[Exercise data Boundary: Start]

(* Let $N\ge1$. Consider elastic $N$-soliton solutions of KPII, each described by the set $\{[e_n,g_n]\}_{n=1}^N$ of distinct index pairs with $e_n<g_n$, where $e_1,\dots,e_N$ are the pivot columns and $g_1,\dots,g_N$ the non-pivot columns of its $N\times 2N$ coefficient matrix $A$ (so $\{e_n\}\sqcup\{g_n\}=\{1,\dots,2N\}$). Then: (i) With the pivots ordered as $e_1<e_2<\dots<e_N$, one has $e_1=1$, $e_N<2N$, and $n\le e_n\le 2n-1$ for each $n=1,\dots,N$; the number of possible choices of the pivot set is the Catalan number $C_N=\frac{(2N)!}{N!\,(N+1)!}$. (ii) For a fixed ordered pivot set $\{e_1<\dots<e_N\}$, the number of possible (unordered) choices of non-pivot indices $\{g_1,\dots,g_N\}$ paired with the pivots such that $e_n<g_n$ for all $n$ is $\prod_{n=1}^N(2n-e_n)$. (iii) The total number of ways of choosing the $N$ distinct pairs $\{[e_n,g_n]\}_{n=1}^N$ (partitioning $\{1,\dots,2N\}$) is $(2N-1)!!$.
   Context: Setting: $k_1<\dots<k_{2N}$ real, $\theta_m=k_mx+k_m^2y+k_m^3t+\theta_{0m}$, $A$ a real $N\times 2N$ matrix in reduced row-echelon form of rank $N$, all nonzero $N\times N$ minors positive, every column having a nonzero entry and every row having a nonzero entry besides its pivot, and satisfying the duality condition $A(m_1,\dots,m_N)=0\iff A(l_1,\dots,l_N)=0$ for every disjoint partition $\{m_i\}\sqcup\{l_i\}=\{1,\dots,2N\}$ (here $A(m_1,\dots,m_N)$ is the minor on those columns). The $\tau$-function is $\tau=\sum_{m_1<\dots<m_N}A(m_1,\dots,m_N)e^{\theta_{m_1}+\dots+\theta_{m_N}}\prod_{s<r}(k_{m_r}-k_{m_s})$, and $u=2(\log\tau)_{xx}$ solves KPII $(-4u_t+u_{xxx}+6uu_x)_x+3u_{yy}=0$; such $u$ are the elastic $N$-soliton solutions. Each such solution has $N$ asymptotic line solitons as $y\to\pm\infty$ labeled by the pairs $[e_n,g_n]$, i.e. localized near the lines $\theta_{e_n}=\theta_{g_n}$ with amplitude $k_{g_n}-k_{e_n}$ and direction $k_{g_n}+k_{e_n}$. *)

(* Combinatorics of the index pairs [e_n, g_n] of elastic
   N-soliton solutions of KPII.  Indices 1..2N are represented by the
   ordinals 'I_(N.*2) (ordinal i stands for the index i+1). *)
From mathcomp Require Import all_boot all_order.
Set Implicit Arguments. Unset Strict Implicit. Unset Printing Implicit Defensive.

Definition is_pairing (N : nat) (P : {set 'I_(N.*2) * 'I_(N.*2)}) : bool :=
  [forall p in P, p.1 < p.2] &&
  [forall i : 'I_(N.*2), #|[set p in P | (p.1 == i) || (p.2 == i)]| == 1].

Definition pivots (N : nat) (P : {set 'I_(N.*2) * 'I_(N.*2)}) : {set 'I_(N.*2)} :=
  [set p.1 | p in P].

(* The 1-based values of a set of indices, sorted increasingly:
   nth 0 (pivot_seq E) (n-1) = e_n. *)
Definition pivot_seq (N : nat) (E : {set 'I_(N.*2)}) : seq nat :=
  sort leq [seq (val i).+1 | i in E].

Fixpoint dfact (n : nat) : nat :=
  match n with
  | 0 => 1
  | 1 => 1
  | (m.+2) as k => k * dfact m
  end.

From mathcomp Require Import all_boot all_order zify.
Set Implicit Arguments. Unset Strict Implicit. Unset Printing Implicit Defensive.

[Exercise data Boundary: End]

#### What this task involves
Check each line above for "KPII" and return the ones that have it.

#### Written solution
(* Let $N\ge1$. Consider elastic $N$-soliton solutions of KPII, each described by the set $\{[e_n,g_n]\}_{n=1}^N$ of distinct index pairs with $e_n<g_n$, where $e_1,\dots,e_N$ are the pivot columns and $g_1,\dots,g_N$ the non-pivot columns of its $N\times 2N$ coefficient matrix $A$ (so $\{e_n\}\sqcup\{g_n\}=\{1,\dots,2N\}$). Then: (i) With the pivots ordered as $e_1<e_2<\dots<e_N$, one has $e_1=1$, $e_N<2N$, and $n\le e_n\le 2n-1$ for each $n=1,\dots,N$; the number of possible choices of the pivot set is the Catalan number $C_N=\frac{(2N)!}{N!\,(N+1)!}$. (ii) For a fixed ordered pivot set $\{e_1<\dots<e_N\}$, the number of possible (unordered) choices of non-pivot indices $\{g_1,\dots,g_N\}$ paired with the pivots such that $e_n<g_n$ for all $n$ is $\prod_{n=1}^N(2n-e_n)$. (iii) The total number of ways of choosing the $N$ distinct pairs $\{[e_n,g_n]\}_{n=1}^N$ (partitioning $\{1,\dots,2N\}$) is $(2N-1)!!$.
   Context: Setting: $k_1<\dots<k_{2N}$ real, $\theta_m=k_mx+k_m^2y+k_m^3t+\theta_{0m}$, $A$ a real $N\times 2N$ matrix in reduced row-echelon form of rank $N$, all nonzero $N\times N$ minors positive, every column having a nonzero entry and every row having a nonzero entry besides its pivot, and satisfying the duality condition $A(m_1,\dots,m_N)=0\iff A(l_1,\dots,l_N)=0$ for every disjoint partition $\{m_i\}\sqcup\{l_i\}=\{1,\dots,2N\}$ (here $A(m_1,\dots,m_N)$ is the minor on those columns). The $\tau$-function is $\tau=\sum_{m_1<\dots<m_N}A(m_1,\dots,m_N)e^{\theta_{m_1}+\dots+\theta_{m_N}}\prod_{s<r}(k_{m_r}-k_{m_s})$, and $u=2(\log\tau)_{xx}$ solves KPII $(-4u_t+u_{xxx}+6uu_x)_x+3u_{yy}=0$; such $u$ are the elastic $N$-soliton solutions. Each such solution has $N$ asymptotic line solitons as $y\to\pm\infty$ labeled by the pairs $[e_n,g_n]$, i.e. localized near the lines $\theta_{e_n}=\theta_{g_n}$ with amplitude $k_{g_n}-k_{e_n}$ and direction $k_{g_n}+k_{e_n}$. *)
   N-soliton solutions of KPII.  Indices 1..2N are represented by the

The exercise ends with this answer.